[R] how to find number of unique rows for combination of r columns
Boris Steipe
bor|@@@te|pe @end|ng |rom utoronto@c@
Fri Nov 8 16:49:48 CET 2019
Are you trying to eliminate duplicated rows from your dataframe? Because that would be better achieved with duplicated().
B.
> On 2019-11-08, at 10:32, Ana Marija <sokovic.anamarija using gmail.com> wrote:
>
> would you know how would I extract from my original data frame, just
> these unique rows?
> because this gives me only those 3 columns, and I want all columns
> from the original data frame
>
>> head(udt)
> chr pos gene_id
> 1 chr1 54490 ENSG00000227232
> 2 chr1 58814 ENSG00000227232
> 3 chr1 60351 ENSG00000227232
> 4 chr1 61920 ENSG00000227232
> 5 chr1 63671 ENSG00000227232
> 6 chr1 64931 ENSG00000227232
>
>> head(dt)
> chr pos gene_id pval_nominal pval_ret wl wr META
> 1: chr1 54490 ENSG00000227232 0.608495 0.783778 31.62278 21.2838 0.7475480
> 2: chr1 58814 ENSG00000227232 0.295211 0.897582 31.62278 21.2838 0.6031214
> 3: chr1 60351 ENSG00000227232 0.439788 0.867959 31.62278 21.2838 0.6907182
> 4: chr1 61920 ENSG00000227232 0.319528 0.601809 31.62278 21.2838 0.4032200
> 5: chr1 63671 ENSG00000227232 0.237739 0.988039 31.62278 21.2838 0.7482519
> 6: chr1 64931 ENSG00000227232 0.276679 0.907037 31.62278 21.2838 0.5974800
>
> On Fri, Nov 8, 2019 at 9:30 AM Ana Marija <sokovic.anamarija using gmail.com> wrote:
>>
>> Thank you so much! Converting it to data frame resolved the issue!
>>
>> On Fri, Nov 8, 2019 at 9:19 AM Gerrit Eichner
>> <gerrit.eichner using math.uni-giessen.de> wrote:
>>>
>>> It seems as if dt is not a (base R) data frame but a
>>> data table. I assume, you will have to transform dt
>>> into a data frame (maybe with as.data.frame) to be
>>> able to apply unique in the suggested way. However,
>>> I am not familiar with data tables. Perhaps somebody
>>> else can provide a more profound guess.
>>>
>>> Regards -- Gerrit
>>>
>>> ---------------------------------------------------------------------
>>> Dr.

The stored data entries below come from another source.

Lemma derive_fexpr v e p :
  fexpr_dom e p -> 'D_v (fexpr_eval e) p = fexpr_eval (fexpr_derive v e) p.
Proof.
have derivable_e a : fexpr_dom a p -> derivable (fexpr_eval a) p v.
  by move=> da; apply: diff_derivable; exact: differentiable_fexpr.
elim: e => [c|||a IHa b IHb|a IHa b IHb|a IHa|a IHa] /=.
- by move=> _; exact: derive_cst.
- move=> _; rewrite (_ : (fun q => q.1) = coord1) // deriveE; last first.
    exact: differentiable_coord1.
  by rewrite diff_lin // => q; exact: cvg_fst.
- move=> _; rewrite (_ : (fun q => q.2) = coord2) // deriveE; last first.
    exact: differentiable_coord2.
  by rewrite diff_lin // => q; exact: cvg_snd.
- by case=> da db; rewrite deriveD ?IHa ?IHb //; exact: derivable_e.
- case=> da db; rewrite deriveM ?IHa ?IHb //; try exact: derivable_e.
  by rewrite /GRing.scale /=; ring.
- case=> da an0; rewrite deriveV ?IHa //; last exact: derivable_e.
  by rewrite /GRing.scale /= expr2; ring.
- case=> da a_gt0; have dsqrt := differentiable_sqrt a_gt0.
  have de := differentiable_fexpr da.
  rewrite (_ : (fun q => Num.sqrt _) = Num.sqrt \o fexpr_eval a) //.
  rewrite deriveE; last exact: differentiable_comp.
  rewrite diff_comp // /= deriv1E; last exact/derivable1_diffP.
  by rewrite -deriveE // IHa // derive1E derive_sqrt.
Qed.

Lemma fexpr_dom_near e p : fexpr_dom e p -> \forall q \near p, fexpr_dom e q.
Proof.
elim: e => [c|||a IHa b IHb|a IHa b IHb|a IHa|a IHa] /=; try by move=> _; near=> q.
- case=> /IHa na /IHb nb; near=> q; split; near: q; [exact: na|exact: nb].
- case=> /IHa na /IHb nb; near=> q; split; near: q; [exact: na|exact: nb].
- case=> da an0; have na := IHa da.
  have nz : \forall q \near p, fexpr_eval a q != 0.
    by have /cvgr_neq0 := differentiable_continuous (differentiable_fexpr da); apply.
  near=> q; split; near: q; [exact: na|exact: nz].
- case=> da a_gt0; have na := IHa da.
  have nz : \forall q \near p, 0 < fexpr_eval a q.
    by have /cvgr_gt := differentiable_continuous (differentiable_fexpr da); apply.
  near=> q; split; near: q; [exact: na|exact: nz].
Unshelve. all: by end_near.
Qed.

Section OnOpenSet.
Context {U : set (R * R)} {e : fexpr} {f : R * R -> R}.
Hypotheses (U_open : open U) (dom_e : forall p, U p -> fexpr_dom e p)
  (f_e : forall p, U p -> f p = fexpr_eval e p).

Lemma fexpr_eval_near p : U p -> \forall q \near p, fexpr_eval e q = f q.
Proof. by move=> Up; apply: filterS (open_nbhs_nbhs (conj U_open Up)) => q /f_e. Qed.

Lemma continuous_fexpr_on p : U p -> {for p, continuous f}.
Proof.
move=> Up; rewrite /prop_for /continuous_at (f_e Up).
apply: cvg_trans (near_eq_cvg (fexpr_eval_near Up)) _.
exact/differentiable_continuous/differentiable_fexpr/dom_e.
Qed.

Lemma derivable_fexpr_on p v : U p -> derivable f p v.
Proof.
move=> Up; apply: near_eq_derivable (fexpr_eval_near Up) _.
exact/diff_derivable/differentiable_fexpr/dom_e.
Qed.

Lemma derive_fexpr_on p v :
  U p -> 'D_v f p = fexpr_eval (fexpr_derive v e) p.
Proof.
move=> Up; rewrite -(near_eq_derive _ (fexpr_eval_near Up)).
exact/derive_fexpr/dom_e.
Qed.

End OnOpenSet.

Lemma smooth_n_fexpr U n e f : open U ->
  (forall p, U p -> fexpr_dom e p) -> (forall p, U p -> f p = fexpr_eval e p) ->
  smooth_n U f n.
Proof.
move=> U_open; elim: n e f => [|n IH] e f dom_e f_e.
  by split=> // p; exact: (continuous_fexpr_on U_open dom_e f_e).
split=> [p|v]; first exact: (continuous_fexpr_on U_open dom_e f_e).
split=> [p|]; first exact: (derivable_fexpr_on U_open dom_e f_e).
apply: (IH (fexpr_derive v e)) => [p /dom_e /fexpr_dom_derive //|p].
exact: (derive_fexpr_on U_open dom_e f_e).
Qed.

End ClosedFormExpressions.

Arguments FX {R}.
Arguments FY {R}.

Section DeltaFacts.
Variable R : realType.
Implicit Types x y : R.

Lemma r1sq_ge4 x y : 4 <= r1sq x y.
Proof. by rewrite /r1sq; have := sqr_ge0 x; have := mulr_ge0 (sqr_ge0 x) (sqr_ge0 y); lra. Qed.

Lemma DeltaE x y : Delta x y =
  (x ^+ 2 - 4) ^+ 2 + (8 * x ^+ 2 * y ^+ 2 * (2 * x ^+ 2 + 8) + 64 * (x ^+ 2 * y ^+ 2) ^+ 2).
Proof. by rewrite /Delta; ring. Qed.

Lemma Delta_excess_ge0 x y :
  0 <= 8 * x ^+ 2 * y ^+ 2 * (2 * x ^+ 2 + 8) + 64 * (x ^+ 2 * y ^+ 2) ^+ 2.
Proof.
have := mulr_ge0 (mulr_ge0 (sqr_ge0 x) (sqr_ge0 y)) (sqr_ge0 x).
have := mulr_ge0 (sqr_ge0 x) (sqr_ge0 y); have := sqr_ge0 (x ^+ 2 * y ^+ 2).
by nra.
Qed.

Lemma Delta_ge0 x y : 0 <= Delta x y.
Proof. by rewrite DeltaE; have := Delta_excess_ge0 x y; have := sqr_ge0 (x ^+ 2 - 4); lra. Qed.

Lemma Delta_gt0 x y : 0 < x -> (x, y) <> (2, 0) -> 0 < Delta x y.
Proof.
move=> x_gt0 xy_neq; rewrite /Delta; apply: mulr_gt0.
  by have := mulr_ge0 (sqr_ge0 x) (sqr_ge0 y); nra.
have [x2|x_neq2] := eqVneq x 2.
  have y_neq0 : y != 0 by apply/eqP => y0; apply: xy_neq; rewrite x2 y0.
  have : 0 < y ^+ 2 by rewrite exprn_even_gt0.
  by rewrite x2; nra.
have : 0 < (x - 2) ^+ 2 by rewrite exprn_even_gt0 // subr_eq0.
by have := mulr_ge0 (sqr_ge0 x) (sqr_ge0 y); nra.
Qed.

Lemma sqrt_Delta_ge x y : `|x ^+ 2 - 4| <= Num.sqrt (Delta x y).
Proof.
rewrite -sqrtr_sqr; apply: ler_wsqrtr; rewrite DeltaE.
by have := Delta_excess_ge0 x y; lra.
Qed.

Lemma sqrt_Delta_le x y :
  Num.sqrt (Delta x y) <= 4 * r1sq x y * `|y| + `|x ^+ 2 - 4|.
Proof.
set w : R := `|y|; set e : R := `|x ^+ 2 - 4|.
have [w_ge0 e_ge0] : 0 <= w /\ 0 <= e by rewrite !normr_ge0.
have y2 : y ^+ 2 = w ^+ 2 by rewrite real_normK ?num_real.
have e2 : e ^+ 2 = (x ^+ 2 - 4) ^+ 2 by rewrite real_normK ?num_real.
have bound_ge0 : 0 <= 4 * r1sq x y * w + e.
  by have := r1sq_ge4 x y; have := mulr_ge0 w_ge0 (sqr_ge0 x); nra.
rewrite -(ger0_norm bound_ge0) -sqrtr_sqr; apply: ler_wsqrtr; rewrite -subr_ge0.
have -> : (4 * r1sq x y * w + e) ^+ 2 - Delta x y =
    16 * w ^+ 2 * (16 + 4 * x ^+ 2 + 32 * x ^+ 2 * w ^+ 2 + 4 * (x ^+ 2) ^+ 2 * w ^+ 2
      + 16 * (x ^+ 2) ^+ 2 * (w ^+ 2) ^+ 2) + 8 * w * r1sq x y * e.
  by rewrite DeltaE -e2 /r1sq y2; ring.
have r_ge0 : 0 <= r1sq x y by have := r1sq_ge4 x y; lra.
apply: addr_ge0; last by do 3!apply: mulr_ge0 => //.
apply: mulr_ge0; first by rewrite mulr_ge0 ?sqr_ge0.
have := mulr_ge0 (sqr_ge0 x) (sqr_ge0 w).
have := mulr_ge0 (sqr_ge0 (x ^+ 2)) (sqr_ge0 w).
have := mulr_ge0 (sqr_ge0 (x ^+ 2)) (sqr_ge0 (w ^+ 2)).
by have := sqr_ge0 x; nra.
Qed.

Lemma omega_p_bounds x y : 0 < x -> x <= 2 -> 0 <= omega_p x y <= 2 * `|y|.
Proof.
move=> x_gt0 x_le2.
have r_gt0 : 0 < 2 * r1sq x y by have := r1sq_ge4 x y; lra.
have x2_le4 : x ^+ 2 - 4 <= 0 by nra.
have := sqrt_Delta_le x y; have := sqrt_Delta_ge x y.
rewrite ler0_norm // /omega_p => s_ge s_le.
by rewrite divr_ge0 ?ler_pdivrMr /=; lra.
Qed.

Lemma omega_m_bounds x y : 2 <= x -> - (2 * `|y|) <= omega_m x y <= 0.
Proof.
move=> x_ge2.
have r_gt0 : 0 < 2 * r1sq x y by have := r1sq_ge4 x y; lra.
have x2_ge4 : 0 <= x ^+ 2 - 4 by nra.
have := sqrt_Delta_le x y; have := sqrt_Delta_ge x y.
rewrite ger0_norm // /omega_m => s_ge s_le.
by rewrite ler_pdivlMr ?ler_pdivrMr /=; lra.
Qed.

End DeltaFacts.

Section OmegaSmoothness.
Variable R : realType.
Implicit Types p : R * R.

Definition fsqr (a : fexpr R) : fexpr R := FMul a a.

Definition Delta_fexpr : fexpr R :=
  FMul (FAdd (fsqr (FAdd FX (FConst 2))) (FMul (FConst 8) (FMul (fsqr FX) (fsqr FY))))
       (FAdd (fsqr (FAdd FX (FConst (-2)))) (FMul (FConst 8) (FMul (fsqr FX) (fsqr FY)))).

Definition r1sq_fexpr : fexpr R :=
  FAdd (FAdd (FConst 4) (fsqr FX)) (FMul (FConst 4) (FMul (fsqr FX) (fsqr FY))).

Definition omega_fexpr (sign : R) : fexpr R :=
  FMul (FAdd (FAdd (fsqr FX) (FConst (-4))) (FMul (FConst sign) (FSqrt Delta_fexpr)))
       (FInv (FMul (FConst 2) r1sq_fexpr)).

Lemma fexpr_eval_Delta p : fexpr_eval Delta_fexpr p = Delta p.1 p.2.
Proof. by rewrite /Delta /=; ring. Qed.

Lemma fexpr_eval_r1sq p : fexpr_eval r1sq_fexpr p = r1sq p.1 p.2.
Proof. by rewrite /r1sq /=; ring. Qed.

Lemma omega_p2_fexpr p : omega_p2 p = fexpr_eval (omega_fexpr 1) p.
Proof. by rewrite /omega_p2 /omega_p -fexpr_eval_Delta -fexpr_eval_r1sq /= expr2; ring. Qed.

Lemma omega_m2_fexpr p : omega_m2 p = fexpr_eval (omega_fexpr (-1)) p.
Proof. by rewrite /omega_m2 /omega_m -fexpr_eval_Delta -fexpr_eval_r1sq /= expr2; ring. Qed.

Definition Delta_pos : set (R * R) := [set p | 0 < Delta p.1 p.2].

Lemma open_Delta_pos : open Delta_pos.
Proof.
rewrite openE => p Dp; have : fexpr_dom (FSqrt Delta_fexpr) p.
  by split; [do !split | rewrite fexpr_eval_Delta].
by move/fexpr_dom_near; apply: filterS => q [_]; rewrite fexpr_eval_Delta.
Qed.

Lemma fexpr_dom_omega sign p : Delta_pos p -> fexpr_dom (omega_fexpr sign) p.
Proof.
move=> Dp; have D_gt0 : 0 < fexpr_eval Delta_fexpr p by rewrite fexpr_eval_Delta.
have r_neq0 : 2 * fexpr_eval r1sq_fexpr p != 0.
  by rewrite fexpr_eval_r1sq mulf_neq0 // gt_eqF // (lt_le_trans _ (r1sq_ge4 _ _)).
by do !split.
Qed.

Lemma regionR_setD_p0_sub : @regionR R `\ @p0 R `<=` Delta_pos.
Proof. by case=> x y [[/= x_gt0 _] xy_neq]; exact: Delta_gt0. Qed.

Lemma omega_smooth : exists U : set (R * R),
  (@regionR R `\ @p0 R `<=` U) /\ smooth_on U (@omega_p2 R) /\ smooth_on U (@omega_m2 R).
Proof.
exists Delta_pos; split; first exact: regionR_setD_p0_sub.
split; split=> [|n]; try exact: open_Delta_pos.
- apply: (smooth_n_fexpr _ open_Delta_pos (fexpr_dom_omega 1)) => p _.
  exact: omega_p2_fexpr.
- apply: (smooth_n_fexpr _ open_Delta_pos (fexpr_dom_omega (-1))) => p _.
  exact: omega_m2_fexpr.
Qed.

End OmegaSmoothness.

Section NearP0.
Variable R : realType.

Definition omega_lead_rem (x y t : R) : R :=
  x * (x - 2) ^+ 2 + 4 * x ^+ 2 * y ^+ 2 * (x - 2) + t * ((x - 2) * (x + 2) + 4 * x ^+ 2 * y ^+ 2).

Lemma omega_shape_sub_lead (x y s t : R) :
  (x ^+ 2 - 4 + s) / (2 * r1sq x y) - ((x - 2) + t) / 4 =
  (2 * (s - 4 * t) - omega_lead_rem x y t) / (4 * r1sq x y).
Proof.
have : r1sq x y != 0 by rewrite gt_eqF // (lt_le_trans _ (r1sq_ge4 x y)).
by rewrite /omega_lead_rem /r1sq => r_neq0; field; rewrite ?mulf_neq0.
Qed.

Lemma Delta_near_p0E (x y : R) : Delta x y =
  (16 + ((x - 2) * (x + 6) + 8 * x ^+ 2 * y ^+ 2)) *
  ((x - 2) ^+ 2 + 32 * y ^+ 2 + 8 * y ^+ 2 * (x - 2) * (x + 2)).
Proof. by rewrite /Delta; ring. Qed.

Variables x y : R.
Hypothesis near_p0 : (x - 2) ^+ 2 + y ^+ 2 < 1 / 100.
(* [lra] does not use section hypotheses, hence the explicit [have := near_p0]. *)

Let q : R := Num.sqrt ((x - 2) ^+ 2 + 32 * y ^+ 2).

Lemma near_p0_scale_ge0 : 0 <= q. Proof. exact: sqrtr_ge0. Qed.

Lemma sqr_near_p0_scale : q ^+ 2 = (x - 2) ^+ 2 + 32 * y ^+ 2.
Proof. by rewrite sqr_sqrtr //; have := sqr_ge0 y; have := sqr_ge0 (x - 2); lra. Qed.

Gerrit Eichner Mathematical Institute, Room 212
>>> gerrit.eichner using math.uni-giessen.de Justus-Liebig-University Giessen
>>> Tel: +49-(0)641-99-32104 Arndtstr. 2, 35392 Giessen, Germany
>>> http://www.uni-giessen.de/eichner
>>> ---------------------------------------------------------------------
>>>
>>> Am 08.11.2019 um 16:02 schrieb Ana Marija:
>>>> I tried it but I got this error:
>>>>> udt <- unique(dt[c("chr", "pos", "gene_id")])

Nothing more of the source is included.